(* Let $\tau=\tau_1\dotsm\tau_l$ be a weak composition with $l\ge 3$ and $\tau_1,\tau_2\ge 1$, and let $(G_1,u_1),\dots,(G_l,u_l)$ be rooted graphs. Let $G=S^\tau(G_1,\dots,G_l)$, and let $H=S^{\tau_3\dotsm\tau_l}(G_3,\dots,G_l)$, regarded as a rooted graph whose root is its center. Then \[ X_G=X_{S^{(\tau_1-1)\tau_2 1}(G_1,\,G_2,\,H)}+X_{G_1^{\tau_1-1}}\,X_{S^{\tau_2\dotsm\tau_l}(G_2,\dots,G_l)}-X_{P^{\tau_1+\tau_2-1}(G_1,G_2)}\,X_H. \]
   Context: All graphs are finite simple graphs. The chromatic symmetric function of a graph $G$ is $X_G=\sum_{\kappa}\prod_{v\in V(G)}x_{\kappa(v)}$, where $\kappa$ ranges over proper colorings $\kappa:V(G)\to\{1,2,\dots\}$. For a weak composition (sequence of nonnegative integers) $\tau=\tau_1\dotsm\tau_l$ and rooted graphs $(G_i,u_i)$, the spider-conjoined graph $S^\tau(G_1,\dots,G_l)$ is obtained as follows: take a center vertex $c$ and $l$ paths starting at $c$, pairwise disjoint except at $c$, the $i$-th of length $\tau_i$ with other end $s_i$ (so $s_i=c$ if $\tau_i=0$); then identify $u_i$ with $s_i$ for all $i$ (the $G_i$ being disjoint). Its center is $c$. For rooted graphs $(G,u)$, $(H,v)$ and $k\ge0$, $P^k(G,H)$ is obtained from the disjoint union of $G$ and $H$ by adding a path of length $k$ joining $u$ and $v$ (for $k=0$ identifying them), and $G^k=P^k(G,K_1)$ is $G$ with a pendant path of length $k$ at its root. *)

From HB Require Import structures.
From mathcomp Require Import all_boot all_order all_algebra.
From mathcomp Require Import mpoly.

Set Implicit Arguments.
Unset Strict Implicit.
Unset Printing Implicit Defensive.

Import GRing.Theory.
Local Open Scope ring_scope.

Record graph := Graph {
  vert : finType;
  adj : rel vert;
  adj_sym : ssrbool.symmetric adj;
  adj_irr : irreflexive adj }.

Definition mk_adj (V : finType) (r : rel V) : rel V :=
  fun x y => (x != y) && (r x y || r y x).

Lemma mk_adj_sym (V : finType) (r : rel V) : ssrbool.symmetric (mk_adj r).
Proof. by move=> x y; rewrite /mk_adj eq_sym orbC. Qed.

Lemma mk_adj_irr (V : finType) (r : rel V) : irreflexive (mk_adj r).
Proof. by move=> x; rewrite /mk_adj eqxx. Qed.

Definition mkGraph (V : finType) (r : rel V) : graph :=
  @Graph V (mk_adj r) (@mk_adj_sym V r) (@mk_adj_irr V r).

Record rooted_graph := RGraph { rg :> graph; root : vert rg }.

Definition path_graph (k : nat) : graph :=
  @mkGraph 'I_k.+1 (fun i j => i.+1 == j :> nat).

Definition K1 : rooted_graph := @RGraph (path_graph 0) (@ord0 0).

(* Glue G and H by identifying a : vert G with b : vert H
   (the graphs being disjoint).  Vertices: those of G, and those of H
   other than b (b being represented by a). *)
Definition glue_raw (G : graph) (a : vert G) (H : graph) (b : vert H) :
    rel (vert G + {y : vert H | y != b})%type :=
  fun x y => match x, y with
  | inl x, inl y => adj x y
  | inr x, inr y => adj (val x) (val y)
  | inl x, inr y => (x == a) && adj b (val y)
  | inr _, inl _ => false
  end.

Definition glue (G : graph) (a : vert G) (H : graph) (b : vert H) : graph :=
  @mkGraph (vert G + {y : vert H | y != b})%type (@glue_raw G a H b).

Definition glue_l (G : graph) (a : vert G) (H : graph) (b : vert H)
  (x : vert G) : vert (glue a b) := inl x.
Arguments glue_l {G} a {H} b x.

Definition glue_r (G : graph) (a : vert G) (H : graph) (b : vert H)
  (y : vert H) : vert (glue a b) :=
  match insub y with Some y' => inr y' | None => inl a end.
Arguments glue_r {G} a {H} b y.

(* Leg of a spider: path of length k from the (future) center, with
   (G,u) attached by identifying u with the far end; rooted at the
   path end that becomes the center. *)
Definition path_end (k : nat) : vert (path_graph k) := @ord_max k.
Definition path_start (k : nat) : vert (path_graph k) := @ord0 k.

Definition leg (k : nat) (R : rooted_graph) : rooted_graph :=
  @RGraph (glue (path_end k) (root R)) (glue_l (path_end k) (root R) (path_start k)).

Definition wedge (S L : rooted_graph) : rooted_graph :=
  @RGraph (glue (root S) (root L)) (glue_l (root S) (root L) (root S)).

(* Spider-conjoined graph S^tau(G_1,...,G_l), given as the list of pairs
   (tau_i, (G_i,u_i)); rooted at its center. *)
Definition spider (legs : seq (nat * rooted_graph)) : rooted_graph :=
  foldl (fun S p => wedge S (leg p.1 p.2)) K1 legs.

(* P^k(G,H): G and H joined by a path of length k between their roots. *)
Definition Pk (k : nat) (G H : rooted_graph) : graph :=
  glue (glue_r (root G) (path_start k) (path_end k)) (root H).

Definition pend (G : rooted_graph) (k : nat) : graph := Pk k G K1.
──────────
- **What is required**: Write down, word for word, the lines above from the one containing "R) (path_start k))." through the one containing "L) (root S)).", both ends included.

- **Written answer**:
  @RGraph (glue (path_end k) (root R)) (glue_l (path_end k) (root R) (path_start k)).

Definition wedge (S L : rooted_graph) : rooted_graph :=
  @RGraph (glue (root S) (root L)) (glue_l (root S) (root L) (root S)).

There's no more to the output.